» Problem details:
The lines to copy from the data below are those that hold the string "Record".

(Saved data entries)

***

(* Let $L$ be a finite relational language and $\mathbb X,\mathbb Y$ be $L$-structures. (I) The following are equivalent: (a) $\mathbb X\preccurlyeq_c^{\mathrm{fin}}\mathbb Y$, i.e. there is a sequence $\langle\Pi_r:r<\omega\rangle$ of nonempty subsets of $\mathrm{PC}(\mathbb X,\mathbb Y)$ such that for every $r<\omega$: (f1) for all $f\in\Pi_{r+1}$ and $x\in X$ there is $g\in\Pi_r$ with $x\in\operatorname{dom}g$ and $f\subseteq g$, and (f2) for all $f\in\Pi_{r+1}$ and $y\in Y$ there is $g\in\Pi_r$ with $y\in\operatorname{ran}g$ and $f\subseteq g$; (b) for each $n\in\omega$, player II has a winning strategy in the game $G^{\preccurlyeq_c}_n(\mathbb X,\mathbb Y)$; (c) $\mathbb X\lll_{\mathcal P}\mathbb Y$; (d) $\mathbb Y\lll_{\mathcal N}\mathbb X$. (II) The following are equivalent: (a) $\mathbb X\preccurlyeq_c^{\mathrm{fin}}\mathbb Y$ and $\mathbb Y\preccurlyeq_c^{\mathrm{fin}}\mathbb X$; (b) for each $n\in\omega$, player II has winning strategies in both $G^{\preccurlyeq_c}_n(\mathbb X,\mathbb Y)$ and $G^{\preccurlyeq_c}_n(\mathbb Y,\mathbb X)$; (c) $\mathbb X\equiv_{\mathcal P}\mathbb Y$; (d) $\mathbb X\equiv_{\mathcal N}\mathbb Y$; (e) $\mathbb X\equiv_{\mathcal P\cup\mathcal N}\mathbb Y$; (f) $\mathbb X\lll_{\mathcal P\cup\mathcal N}\mathbb Y$.
   Context: $L=\langle R_i:i\in I\rangle$ is a relational language, $R_i$ of arity $n_i$; for an $L$-structure $\mathbb X$ with domain $X$, $R_i^{\mathbb X}$ is the interpretation of $R_i$. For a map $f$ and tuple $\bar x=\langle x_0,\dots,x_{k-1}\rangle$ write $f\bar x=\langle f(x_0),\dots,f(x_{k-1})\rangle$. A partial condensation from $\mathbb X$ to $\mathbb Y$ is a bijection $f$ from a set $\operatorname{dom}f\subseteq X$ onto a set $\operatorname{ran}f\subseteq Y$ such that for all $i\in I$ and $\bar x\in(\operatorname{dom}f)^{n_i}$, $\bar x\in R_i^{\mathbb X}$ implies $f\bar x\in R_i^{\mathbb Y}$; $\mathrm{PC}(\mathbb X,\mathbb Y)$ is the set of these. For $n\in\omega$, the game $G^{\preccurlyeq_c}_n(\mathbb X,\mathbb Y)$ has $n$ steps $k<n$; at step $k$ player I either chooses $x_k\in X$ and then player II chooses $y_k\in Y$, or player I chooses $y_k\in Y$ and then II chooses $x_k\in X$. Player II wins iff $\{\langle x_k,y_k\rangle:k<n\}\in\mathrm{PC}(\mathbb X,\mathbb Y)$. A strategy for II determines its move from the previous moves and I's current choice; it is winning if II wins every play in which it is followed. Formula classes: $\mathcal P_0$ consists of all atomic formulas ($v_\alpha=v_\beta$, $R_i(v_{\alpha_1},\dots,v_{\alpha_{n_i}})$) and all $\neg\,v_\alpha=v_\beta$. $\mathcal N_0$ consists of all $\neg R_i(v_{\alpha_1},\dots,v_{\alpha_{n_i}})$, all $v_\alpha=v_\beta$ and all $\neg\,v_\alpha=v_\beta$. $\mathcal P$ (resp. $\mathcal N$), the $R$-positive (resp. $R$-negative) first order formulas, is the closure of $\mathcal P_0$ (resp. $\mathcal N_0$) under finite conjunctions, finite disjunctions, $\forall v$ and $\exists v$ (no negation). For a class $\mathcal F$ of formulas, $\mathbb X\lll_{\mathcal F}\mathbb Y$ means every sentence of $\mathcal F$ true in $\mathbb X$ is true in $\mathbb Y$, and $\mathbb X\equiv_{\mathcal F}\mathbb Y$ means they satisfy the same sentences of $\mathcal F$. *)

From Stdlib Require Import List.
Import ListNotations.

Record language := { Rsym : Type; arity : Rsym -> nat }.

Definition finite_language (L : language) : Prop :=
  exists l : list (Rsym L), forall i, In i l.

(** L-structures.  The interpretation of R_i is a set of lists; only lists of
    length [arity L i] (i.e. n_i-tuples) are ever consulted. *)
Record structure (L : language) := {
  carrier :> Type;
  interp : forall i : Rsym L, list carrier -> Prop }.
Arguments carrier {L} _.
Arguments interp {L} _ _ _.

(** Partial maps are represented by their graphs. *)
Definition dom {A B : Type} (f : A -> B -> Prop) (x : A) : Prop := exists y, f x y.
Definition ran {A B : Type} (f : A -> B -> Prop) (y : B) : Prop := exists x, f x y.
Definition subrel {A B : Type} (f g : A -> B -> Prop) : Prop :=
  forall x y, f x y -> g x y.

***

» Output for this exercise:
Record language := { Rsym : Type; arity : Rsym -> nat }.
Record structure (L : language) := {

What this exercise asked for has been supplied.